TASK GOAL:
What lines in the data below mention the string "forall"? Copy them out.

Collected data:
Lemma grid_approx_near Q c f w : depends_only Q f -> box_lipschitz C c f ->
  `|f (Z w) - grid_approx Q f w| <= c * h.
Proof.
move=> fQ fc; rewrite grid_approxE//; apply: fc; rewrite ?ltW//.
- exact: grid_round_box.
- by move=> k; exact: grid_round_near.
Qed.

Lemma grid_approx_bound Q f B w : depends_only Q f ->
  (forall z, in_box C z -> `|f z| <= B) -> `|grid_approx Q f w| <= B.
Proof. by move=> fQ fB; rewrite grid_approxE//; apply/fB/grid_round_box. Qed.

End grid_approx.

Theorem Ex_admissibleM f g : admissible T C D f -> admissible T C (predC D) g ->
  Ex P (fun w => f (Z w) * g (Z w)) = Ex P (fun w => f (Z w)) * Ex P (fun w => g (Z w)).
Proof.
move=> hf hg; have [fD [cf fc] _] := hf; have [gD [cg gc] _] := hg.
pose Bf := `|f (fun _ => 0)| + cf * C; pose Bg := `|g (fun _ => 0)| + cg * C.
have [cf0 cg0] := (box_lipschitz_ge0 C0 fc, box_lipschitz_ge0 C0 gc).
have [Bf0 Bg0] : 0 <= Bf /\ 0 <= Bg by split; apply: addr_ge0 => //; exact: mulr_ge0.
apply: (@ExM_uniform_approx _ _ _ _ _ _ (Bf + Bg) (cf + cg)).
- exact: bdd_meas_admissible hf.
- exact: bdd_meas_admissible hg.
- by move=> w; rewrite ler_wpDl// box_lipschitz_bound.
move=> h h0; exists (grid_approx h D f), (grid_approx h (predC D) g).
split; [exact: bdd_meas_grid_approx.. | exact: Ex_grid_approxM |].
move=> w; split.
- by apply: grid_approx_bound => // z hz; rewrite ler_wpDr// box_lipschitz_bound.
- by apply: le_trans (grid_approx_near h0 w fD fc) _; rewrite ler_pM2r// lerDl.
- by apply: le_trans (grid_approx_near h0 w gD gc) _; rewrite ler_pM2r// lerDr.
Qed.

End independent_product.

Section ranked_value.
Context {R : realType} {S A : finType}.
Variables (gamma : R) (pi : S -> A -> R) (rank : S -> nat).

Definition rank_increasing (q : S -> A -> S -> R) :=
  forall s a s', q s a s' != 0 -> (rank s < rank s')%N.

Definition reward_iter q (rw : S -> A -> R) h :=
  iter h (step_expect pi q) (pol_reward pi rw).

Definition value_fin q rw t := \sum_(h < #|S|) gamma ^+ h * reward_iter q rw h t.

Definition nhigher (t : S) := #|[pred t' | (rank t < rank t')%N]|.

Lemma nhigher_lt t t' : (rank t < rank t')%N -> (nhigher t' < nhigher t)%N.
Proof.
move=> tt'; apply: proper_card; apply/fintype.properP; split.
  by apply/fintype.subsetP => x; rewrite !inE => /(ltn_trans tt').
by exists t'; rewrite !inE ?ltnn.
Qed.

Lemma nhigher_lt_card t : (nhigher t < #|S|)%N.
Proof.
apply: proper_card; apply/fintype.properP; split; first exact/fintype.subsetP.
by exists t; rewrite !inE ?ltnn.
Qed.

Lemma step_expect_sum (I : Type) (s : seq I) q (F : I -> S -> R) t :
  step_expect pi q (fun t' => \sum_(i <- s) F i t') t =
  \sum_(i <- s) step_expect pi q (F i) t.
Proof.
rewrite /step_expect [RHS]exchange_big; apply: eq_bigr => a _ /=.
rewrite -big_distrr [X in _ = _ * X]exchange_big; congr (_ * _).
by apply: eq_bigr => t' _ /=; rewrite big_distrr.
Qed.

Lemma step_expectZ q c F t :
  step_expect pi q (fun t' => c * F t') t = c * step_expect pi q F t.
Proof.
rewrite /step_expect big_distrr; apply: eq_bigr => a _ /=.
rewrite [RHS]mulrCA [in RHS]big_distrr; congr (_ * _).
by apply: eq_bigr => t' _ /=; rewrite mulrCA.
Qed.

Lemma step_expectB q F G t : step_expect pi q (fun t' => F t' - G t') t =
  step_expect pi q F t - step_expect pi q G t.
Proof.
rewrite /step_expect -sumrB; apply: eq_bigr => a _.
by rewrite -mulrBr -sumrB; congr (_ * _); apply: eq_bigr => t' _; rewrite mulrBr.
Qed.

Lemma step_expectE q F t :
  \sum_(a : A) \sum_(t' : S) pi t a * q t a t' * F t' = step_expect pi q F t.
Proof.
by apply: eq_bigr => a _; rewrite big_distrr; apply: eq_bigr => t' _ /=; rewrite mulrA.
Qed.

Section rank_increasing_transition.
Variables (q : S -> A -> S -> R) (rw : S -> A -> R).
Hypothesis q_rank : rank_increasing q.

Lemma reward_iter_eq0 h t : (nhigher t < h)%N -> reward_iter q rw h t = 0.
Proof.
elim: h t => [//|h IH] t th; rewrite /reward_iter iterS /step_expect big1 // => a _.
rewrite big1 ?mulr0 // => t' _.
have [->|qt'] := eqVneq (q t a t') 0; first by rewrite mul0r.
by rewrite [iter _ _ _ _]IH ?mulr0 // (leq_trans (nhigher_lt (q_rank qt'))).
Qed.

Lemma value_finE t : value gamma pi q rw t = value_fin q rw t.
Proof.
rewrite /value; apply: lim_near_cst => //; exists #|S| => // n /= Sn.
rewrite /series /= (big_cat_nat (n:=#|S|)) //= big_mkord.
rewrite [X in _ + X]big1_seq ?addr0 // => h /andP[_].
rewrite mem_index_iota => /andP[Sh _].
by rewrite [iter _ _ _ _]reward_iter_eq0 ?mulr0 // (leq_trans (nhigher_lt_card t)).
Qed.

Lemma value_fin_bellman t :
  value_fin q rw t = pol_reward pi rw t + gamma * step_expect pi q (value_fin q rw) t.
Proof.
rewrite /value_fin step_expect_sum big_distrr /=.
under [in RHS]eq_bigr do rewrite step_expectZ mulrA -exprS.
rewrite -[pol_reward _ _ _]mul1r -(expr0 gamma).
rewrite -(big_ord_recl _ (fun h : 'I_#|S|.+1 => gamma ^+ h * reward_iter q rw h t)).
by rewrite big_ord_recr /= reward_iter_eq0 ?mulr0 ?addr0 // nhigher_lt_card.
Qed.

Lemma eq_reward_iter q' rw' h t :
  (forall t0 a s', (rank t <= rank t0)%N -> q t0 a s' = q' t0 a s') ->
  (forall t0 a, (rank t <= rank t0)%N -> rw t0 a = rw' t0 a) ->
  reward_iter q rw h t = reward_iter q' rw' h t.
Proof.
elim: h t => [|h IH] t qq' rr'.
  by apply: eq_bigr => a _; rewrite rr'.
apply: eq_bigr => a _; congr (_ * _); apply: eq_bigr => t' _; rewrite -qq' //.
have [->|qt'] := eqVneq (q t a t') 0; first by rewrite !mul0r.
have tt' := ltnW (q_rank qt'); congr (_ * _); apply: IH => [t0 a0 s'|t0 a0] t0h.
  by apply: qq'; exact: leq_trans tt' t0h.
by apply: rr'; exact: leq_trans tt' t0h.
Qed.

End rank_increasing_transition.
End ranked_value.

Section posterior_variance.
Context {R : realType} {S A : finType} {d : measure_display}
  {Omega : measurableType d} (P : probability Omega R).
Variables (gamma : R) (pi : S -> A -> R) (p : Omega -> S -> A -> S -> R)
  (r : Omega -> S -> A -> R) (rank : S -> nat) (M : R).
Hypotheses (p_ge0 : forall w s a s', 0 <= p w s a s')
  (p_sum_le1 : forall w s a, \sum_(s' : S) p w s a s' <= 1)
  (mp : forall s a s', measurable_fun setT (fun w => p w s a s'))
  (mr : forall s a, measurable_fun setT (fun w => r w s a))
  (r_bound : forall w s a, `|r w s a| <= M)
  (p_r_indep : indep_blocks P p r)
  (p_rank : forall w, rank_increasing rank (p w)).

EXERCISE SOLUTION:
  (forall z, in_box C z -> `|f z| <= B) -> `|grid_approx Q f w| <= B.
  forall s a s', q s a s' != 0 -> (rank s < rank s')%N.
  (forall t0 a s', (rank t <= rank t0)%N -> q t0 a s' = q' t0 a s') ->
  (forall t0 a, (rank t <= rank t0)%N -> rw t0 a = rw' t0 a) ->
Hypotheses (p_ge0 : forall w s a s', 0 <= p w s a s')
  (p_sum_le1 : forall w s a, \sum_(s' : S) p w s a s' <= 1)
  (mp : forall s a s', measurable_fun setT (fun w => p w s a s'))
  (mr : forall s a, measurable_fun setT (fun w => r w s a))
  (r_bound : forall w s a, `|r w s a| <= M)
  (p_rank : forall w, rank_increasing rank (p w)).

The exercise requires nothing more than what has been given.